** EXCERPTED RECORDS follows **

Lemma ray_scales_unit {x a : V} {s : R} : xi x a -> 0 <= s <= 1 -> ray_scales x a s.
Proof.
move=> [Ka /= xa_eq] /andP[s_ge0 s_le1]; rewrite /ray_scales /=.
set p := a + s *: (x - a).
have px_eq : phi (p - x) = (1 - s) * d x.
  rewrite (_ : p - x = (1 - s) *: (a - x)) ?ge0_phiZ ?subr_ge0 1?phi_distC ?xa_eq //.
  by apply/rowP => i; rewrite !mxE; ring.
apply/eqP; rewrite eq_le; apply/andP; split.
  by have := dist_phi_le p Ka; rewrite /p opprD addNKr phiN ge0_phiZ // xa_eq.
apply: dist_phi_ge => y Ky; have := dist_phi_le x Ky.
by have := ler_phiD (y - p) (p - x); rewrite addrA subrK px_eq; lra.
Qed.

Lemma xi_phi_ray {x a : V} {s : R} : xi x a -> 0 <= s -> ray_scales x a s ->
  xi (a + s *: (x - a)) a.
Proof.
by move=> [Ka /= xa_eq] s_ge0 s_ray; split; rewrite //= addrC addKr ge0_phiZ // xa_eq.
Qed.

Lemma ray_scalesM {x a : V} {t : R} (u : R) : ray_scales x a t ->
  ray_scales (a + t *: (x - a)) a u <-> ray_scales x a (t * u).
Proof.
rewrite /ray_scales /= => ->.
by rewrite [a + _ - a]addrC addKr scalerA mulrA [u * t]mulrC.
Qed.

Lemma ray_scales_le {x a : V} {s u : R} : xi x a -> ray_scales x a s -> 0 <= u <= s ->
  ray_scales x a u.
Proof.
move=> xa s_ray /andP[u_ge0 u_le_s].
have [s_le1|s_gt1] := lerP s 1.
  by apply: ray_scales_unit => //; rewrite u_ge0 (le_trans u_le_s).
have s_gt0 : 0 < s := lt_trans ltr01 s_gt1.
have us_unit : 0 <= u / s <= 1 by rewrite divr_ge0 ?(ltW s_gt0) //= ler_pdivrMr // mul1r.
have := ray_scales_unit (xi_phi_ray xa (ltW s_gt0) s_ray) us_unit.
by rewrite (ray_scalesM _ s_ray) mulrC divfK // gt_eqF.
Qed.

Lemma continuous_dist_ray (a v : V) (c : R) :
  continuous (fun s : R => d (a + s *: v) - s * c).
Proof.
apply: (@lipschitz_continuous _ _ _ (phi v + `|c|)) => s t.
have -> : d (a + s *: v) - s * c - (d (a + t *: v) - t * c) =
  (d (a + s *: v) - d (a + t *: v)) - (s - t) * c by ring.
rewrite [leRHS]mulrDl; apply: le_trans (ler_normB _ _) (lerD _ _).
  apply: le_trans (ler_dist_phi_dist _ _) _.
  by rewrite opprD addrACA subrr add0r -scalerBl phiZ mulrC.
by rewrite normrM mulrC.
Qed.

Lemma ray_scales_le_rho {x a : V} {t : R} : xi x a -> 0 <= t ->
  (t%:E <= rho_at phi K x a)%E -> ray_scales x a t.
Proof.
move=> xa t_ge0 t_le_rho.
have [[s [s_ray t_le_s]]|no_above] := pselect (exists s, ray_scales x a s /\ t <= s).
  by apply: ray_scales_le xa s_ray _; rewrite t_ge0.
apply/eqP; rewrite -subr_eq0; apply/eqP.
apply: (@continuous_root_at_ereal_sup _ (ray_scales x a)
  (fun s => d (a + s *: (x - a)) - s * d x) t _ _ t_le_rho).
  exact: continuous_dist_ray.
move=> s s_ray; split; first by rewrite s_ray subrr.
by rewrite leNgt; apply/negP => t_lt_s; apply: no_above; exists s; split => //; exact: ltW.
Qed.

Lemma rho_at_scale {x a : V} {t : R} : xi x a -> 0 < t -> ray_scales x a t ->
  rho_at phi K x a = (t%:E * rho_at phi K (a + t *: (x - a)) a)%E.
Proof.
move=> xa t_gt0 t_ray; have tsK (s : R) : t * (s / t) = s by rewrite mulrC divfK // lt0r_neq0.
rewrite !rho_atE -(ereal_sup_pZl _ t_gt0); congr ereal_sup.
apply/seteqP; split => z /=.
  move=> [s s_ray <-]; exists (s / t)%:E; last by rewrite -EFinM tsK.
  by exists (s / t); first by apply/(ray_scalesM _ t_ray); rewrite tsK.
move=> [_ [u u_ray <-] <-]; exists (t * u); last exact: EFinM.
exact: (ray_scalesM u t_ray).1 u_ray.
Qed.

Section StrictlyConvex.
Hypothesis phi_sc : strictly_convex phi.

Lemma ray_scales_le1 {x a b : V} {s : R} :
  xi x a -> xi x b -> a != b -> ray_scales x a s -> s <= 1.
Proof.
move=> [Ka /= xa_eq] [Kb /= xb_eq] a_neq_b s_ray; rewrite leNgt; apply/negP => s_gt1.
set y := a + s *: (x - a); have dy : d y = s * d x := s_ray.
have xy_eq : x - y = (s - 1) *: (a - x) by apply/rowP => i; rewrite !mxE; ring.
have phi_xy : phi (x - y) = (s - 1) * d x.
  by rewrite xy_eq ge0_phiZ ?subr_ge0 ?ltW // phi_distC xa_eq.
have phi_bx : phi (b - x) = d x by rewrite phi_distC.
have tight : phi ((x - y) + (b - x)) = phi (x - y) + phi (b - x).
  apply/eqP; rewrite eq_le ler_phiD /= phi_xy phi_bx.
  have -> : x - y + (b - x) = b - y by rewrite addrC addrA subrK.
  by apply: le_trans (dist_phi_le y Kb); rewrite dy; lra.
have dx_neq0 : d x != 0.
  apply: contraNneq a_neq_b => dx0; apply/eqP.
  by move: xa_eq xb_eq; rewrite dx0 => /phi_eq0/subr0_eq <- /phi_eq0/subr0_eq ->.
have s1_neq0 : s - 1 != 0 by rewrite subr_eq0 gt_eqF.
have := phi_sc _ _ tight; rewrite phi_xy phi_bx xy_eq scalerA mulrC.
by move/(scalerI (mulf_neq0 s1_neq0 dx_neq0))/subIr/eqP; rewrite (negbTE a_neq_b).
Qed.

Lemma rho_at_eq1 {x a b : V} :
  xi x a -> xi x b -> a != b -> rho_at phi K x a = 1%:E.
Proof.
move=> xa xb a_neq_b; apply/eqP; rewrite eq_le rho_at_ge1 andbT rho_atE.
by apply: ge_ereal_sup => _ [s s_ray <-]; rewrite lee_fin (ray_scales_le1 xa xb a_neq_b s_ray).
Qed.

Lemma rho_phiE {x a : V} : xi x a -> rho_phi phi K x = rho_at phi K x a.
Proof.
move=> xa; rewrite /rho_phi; set b := xget 0 (xi x).
have xb : xi x b := xgetI 0 xa.
have [->//|b_neq_a] := eqVneq b a.
by rewrite (rho_at_eq1 xb xa b_neq_a) (rho_at_eq1 xa xb) // eq_sym.
Qed.

Lemma rho_phi_scale (x a : V) (t : R) : xi x a -> 0 < t ->
  (t%:E <= rho_phi phi K x)%E ->
  rho_phi phi K x = (t%:E * rho_phi phi K (a + t *: (x - a)))%E.
Proof.
move=> xa t_gt0; rewrite (rho_phiE xa) => t_le_rho.
have t_ray := ray_scales_le_rho xa (ltW t_gt0) t_le_rho.
by rewrite (rho_at_scale xa t_gt0 t_ray) (rho_phiE (xi_phi_ray xa (ltW t_gt0) t_ray)).
Qed.

Lemma reach_phi_attained {a eta : V} {r : R} : normal_bundle phi K a eta ->
  reach_phi phi K a eta = r%:E -> 0 < r /\ d (a + r *: eta) = r.
Proof.
move=> [_ _ [s0 s0_gt0 ds0]] reach_r.
pose T := [set s : R | 0 < s /\ d (a + s *: eta) = s].
have T_le_r s : T s -> s <= r.
  by move=> Ts; rewrite -lee_fin -reach_r; apply: ereal_sup_ubound; exists s.
have r_gt0 : 0 < r := lt_le_trans s0_gt0 (T_le_r s0 (conj s0_gt0 ds0)).
split => //; apply/eqP; rewrite -subr_eq0 -[X in _ - X]mulr1; apply/eqP.
apply: (@continuous_root_at_ereal_sup _ T (fun s => d (a + s *: eta) - s * 1) r).
- exact: continuous_dist_ray.
- by move=> s [s_gt0 ds]; rewrite mulr1 ds subrr; split; last exact: T_le_r.
- by rewrite -reach_r.
Qed.

Lemma cut_phi_rho1 (x : V) : cut_phi phi K x -> rho_phi phi K x = 1%:E.
Proof.
move=> [a [eta [a_eta [r [reach_r ->]]]]].
have [r_gt0 dr] := reach_phi_attained a_eta reach_r.
have [Ka eta1 _] := a_eta.
have xa : xi (a + r *: eta) a.
  by split; rewrite //= addrC addKr ge0_phiZ ?ltW // eta1 mulr1 dr.
rewrite (rho_phiE xa); apply/eqP; rewrite eq_le rho_at_ge1 andbT rho_atE.
apply: ge_ereal_sup => _ [u u_ray <-]; rewrite lee_fin.
have [u_le0|u_gt0] := leP u 0; first exact: le_trans u_le0 ler01.
have : ((u * r)%:E <= r%:E)%E.
  rewrite -reach_r; apply: ereal_sup_ubound; exists (u * r) => //.
  split; first exact: mulr_gt0.
  by move: u_ray; rewrite /ray_scales /= [a + _ - a]addrC addKr scalerA dr.
by rewrite lee_fin -{2}[r]mul1r ler_pM2r.
Qed.

Section Closed.
Hypothesis K_closed : closed K.

Lemma compact_phi_sublevel (x : V) (M : R) :
  compact (K `&` [set a | phi (x - a) <= M]).
Proof.
have [m m_gt0 m_le] := mx_norm_le_phi.
apply: bounded_closed_compact.
  exists (`|x| + M / m); split; first exact: num_real.
  move=> M' M'_gt a [_ /= xa_le]; apply/ltW/(le_lt_trans _ M'_gt).
  have : `|x - a| <= M / m by rewrite ler_pdivlMr // mulrC (le_trans (m_le _)).
  by have := ler_normD x (a - x); rewrite addrC subrK distrC; lra.
apply: closedI => //.
rewrite (_ : [set a | _] = (fun a => phi (x - a)) @^-1` [set r | r <= M]) //.
by apply: preimage_closed; [move=> a _; exact: continuous_phi_subl | exact: closed_le].
Qed.

Lemma xi_phi_neq0 (x : V) : xi x !=set0.
Proof.
pose B := K `&` [set a | phi (x - a) <= d x + 1].
have [_ [y Ky <-] yx_lt] : exists2 r, [set phi (y - x) | y in K] r & r < d x + 1.
  by apply: inf_lt; [have [y Ky] := K_neq0; exists (phi (y - x)), y | rewrite ltrDl].
have B_neq0 : B !=set0 by exists y; split; rewrite //= phi_distC ltW.
have [c] := EVT_min_rV B_neq0 (compact_phi_sublevel x (d x + 1))
  (continuous_subspaceT (fun a => continuous_phi_subl x a)).
rewrite inE => -[Kc /= xc_le] c_min; exists c; split => //=.
apply/eqP; rewrite eq_le -{2}phi_distC dist_phi_le // andbT.
apply: dist_phi_ge => z Kz; rewrite [phi (z - x)]phi_distC.
have [xz_le|/ltW] := leP (phi (x - z)) (d x + 1); first by apply: c_min; rewrite inE.
exact: le_trans xc_le.
Qed.

Lemma rho1_cut_phi (x : V) : rho_phi phi K x = 1%:E -> cut_phi phi K x.
Proof.
have [a xa] := xi_phi_neq0 x; rewrite (rho_phiE xa) => rho1.
have [Ka /= xa_eq] := xa.
have dx_gt0 : 0 < d x.
  rewrite lt0r dist_phi_ge0 andbT; apply/eqP => dx0.
  have x_eq_a : x = a by move: xa_eq; rewrite dx0 => /phi_eq0/subr0_eq.
  have : (2%:E <= rho_at phi K x a)%E.
    rewrite rho_atE; apply: ereal_sup_ubound; exists 2; last by [].
    by rewrite /ray_scales /= -x_eq_a subrr scaler0 addr0 dx0 mulr0.
  by rewrite rho1 lee_fin; lra.
have dx_neq0 : d x != 0 := lt0r_neq0 dx_gt0.
pose eta := (d x)^-1 *: (x - a).
have eta1 : phi eta = 1 by rewrite ge0_phiZ ?invr_ge0 ?dist_phi_ge0 // xa_eq mulVf.
have x_eq : a + d x *: eta = x by rewrite scalerA mulfV // scale1r addrC subrK.
exists a, eta; split; first by split => //; exists (d x); rewrite // x_eq.
exists (d x); split; last by rewrite x_eq.
apply/eqP; rewrite eq_le; apply/andP; split; last first.
  by apply: ereal_sup_ubound; exists (d x); [split; rewrite // x_eq | by []].
apply: ge_ereal_sup => _ [s [s_gt0 ds] <-]; rewrite lee_fin.
have : ((s / d x)%:E <= rho_at phi K x a)%E.
  rewrite rho_atE; apply: ereal_sup_ubound; exists (s / d x); last by [].
  by rewrite /ray_scales /= -scalerA ds divfK.
by rewrite rho1 lee_fin ler_pdivrMr // mul1r.
Qed.

Definition ray_defect (s : R) (x b : V) : R :=
  `|phi (x - b) - d x| + `|d (b + s *: (x - b)) - s * d x|.

Lemma continuous_ray_defect (s : R) (x : V) : continuous (ray_defect s x).
Proof.
apply: (@phi_lipschitz_continuous _ (1 + `|1 - s|)) => b c.
rewrite /ray_defect opprD addrACA mulrDl mul1r.
apply: le_trans (ler_normD _ _) (lerD _ _); apply: le_trans (ler_dist_dist _ _) _.
  rewrite opprB addrA subrK (le_trans (ler_phi_dist _ _)) //.
  by rewrite opprB addrC addrA subrK phi_distC.
rewrite opprB addrA subrK; apply: le_trans (ler_dist_phi_dist _ _) _.
have -> : b + s *: (x - b) - (c + s *: (x - c)) = (1 - s) *: (b - c).
  by apply/rowP => i; rewrite !mxE; ring.
by rewrite phiZ.
Qed.

Lemma ray_defect_le (x : V) {s : R} {y b : V} : 0 <= s -> xi y b -> ray_scales y b s ->
  ray_defect s x b <= 2 * (1 + s) * phi (y - x).
Proof.
move=> s_ge0 [_ /= yb_eq] s_ray; rewrite /ray_defect.
have dxy := ler_dist_phi_dist y x.
have near_x : `|phi (x - b) - d x| <= 2 * phi (y - x).
  have := ler_phi_dist (x - b) (y - b); rewrite yb_eq opprB addrA subrK [phi (x - y)]phi_distC.
  by have := ler_normD (phi (x - b) - d y) (d y - d x); rewrite addrA subrK; lra.
have near_sx : `|d (b + s *: (x - b)) - s * d x| <= 2 * s * phi (y - x).
  have := ler_dist_phi_dist (b + s *: (x - b)) (b + s *: (y - b)).
  have -> : b + s *: (x - b) - (b + s *: (y - b)) = s *: (x - y).
    by apply/rowP => i; rewrite !mxE; ring.
  rewrite s_ray ge0_phiZ // [phi (x - y)]phi_distC => shift.
  have := ler_normD (d (b + s *: (x - b)) - s * d y) (s * d y - s * d x).
  rewrite addrA subrK -mulrBr normrM ger0_norm //.
  by have := ler_wpM2l s_ge0 dxy; lra.
by lra.
Qed.

Lemma ray_defect_gt0 {s : R} {x : V} : (rho_phi phi K x < s%:E)%E ->
  exists2 m, 0 < m & forall b, K b -> phi (x - b) <= d x + 1 -> m <= ray_defect s x b.
Proof.
move=> rho_lt_s; have [a xa] := xi_phi_neq0 x.
pose B := K `&` [set b | phi (x - b) <= d x + 1].
have B_neq0 : B !=set0.
  by have [Ka /= xa_eq] := xa; exists a; split; rewrite //= xa_eq lerDl.
have [c] := EVT_min_rV B_neq0 (compact_phi_sublevel x (d x + 1))
  (continuous_subspaceT (fun b => continuous_ray_defect s x b)).
rewrite inE => -[Kc _] c_min; exists (ray_defect s x c); last first.
  by move=> b Kb xb_le; apply: c_min; rewrite inE.
rewrite lt0r addr_ge0 // andbT; apply/eqP.
move/eqP; rewrite paddr_eq0 // !normr_eq0 !subr_eq0 => /andP[/eqP xc_eq /eqP s_ray].
have xc : xi x c by [].
have : (s%:E <= rho_phi phi K x)%E.
  by rewrite (rho_phiE xc) rho_atE; apply: ereal_sup_ubound; exists s.
by rewrite leNgt rho_lt_s.
Qed.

** End of EXCERPTED RECORDS **

TASK TO COMPLETE: Among the records above, extract exactly the lines from the line with "by apply: preimage_closed;" to the line with "have [_ [y Ky", both lines included, and leave out the rest.

SOLUTION TO THE EXERCISE:
by apply: preimage_closed; [move=> a _; exact: continuous_phi_subl | exact: closed_le].
Qed.

Lemma xi_phi_neq0 (x : V) : xi x !=set0.
Proof.
pose B := K `&` [set a | phi (x - a) <= d x + 1].
have [_ [y Ky <-] yx_lt] : exists2 r, [set phi (y - x) | y in K] r & r < d x + 1.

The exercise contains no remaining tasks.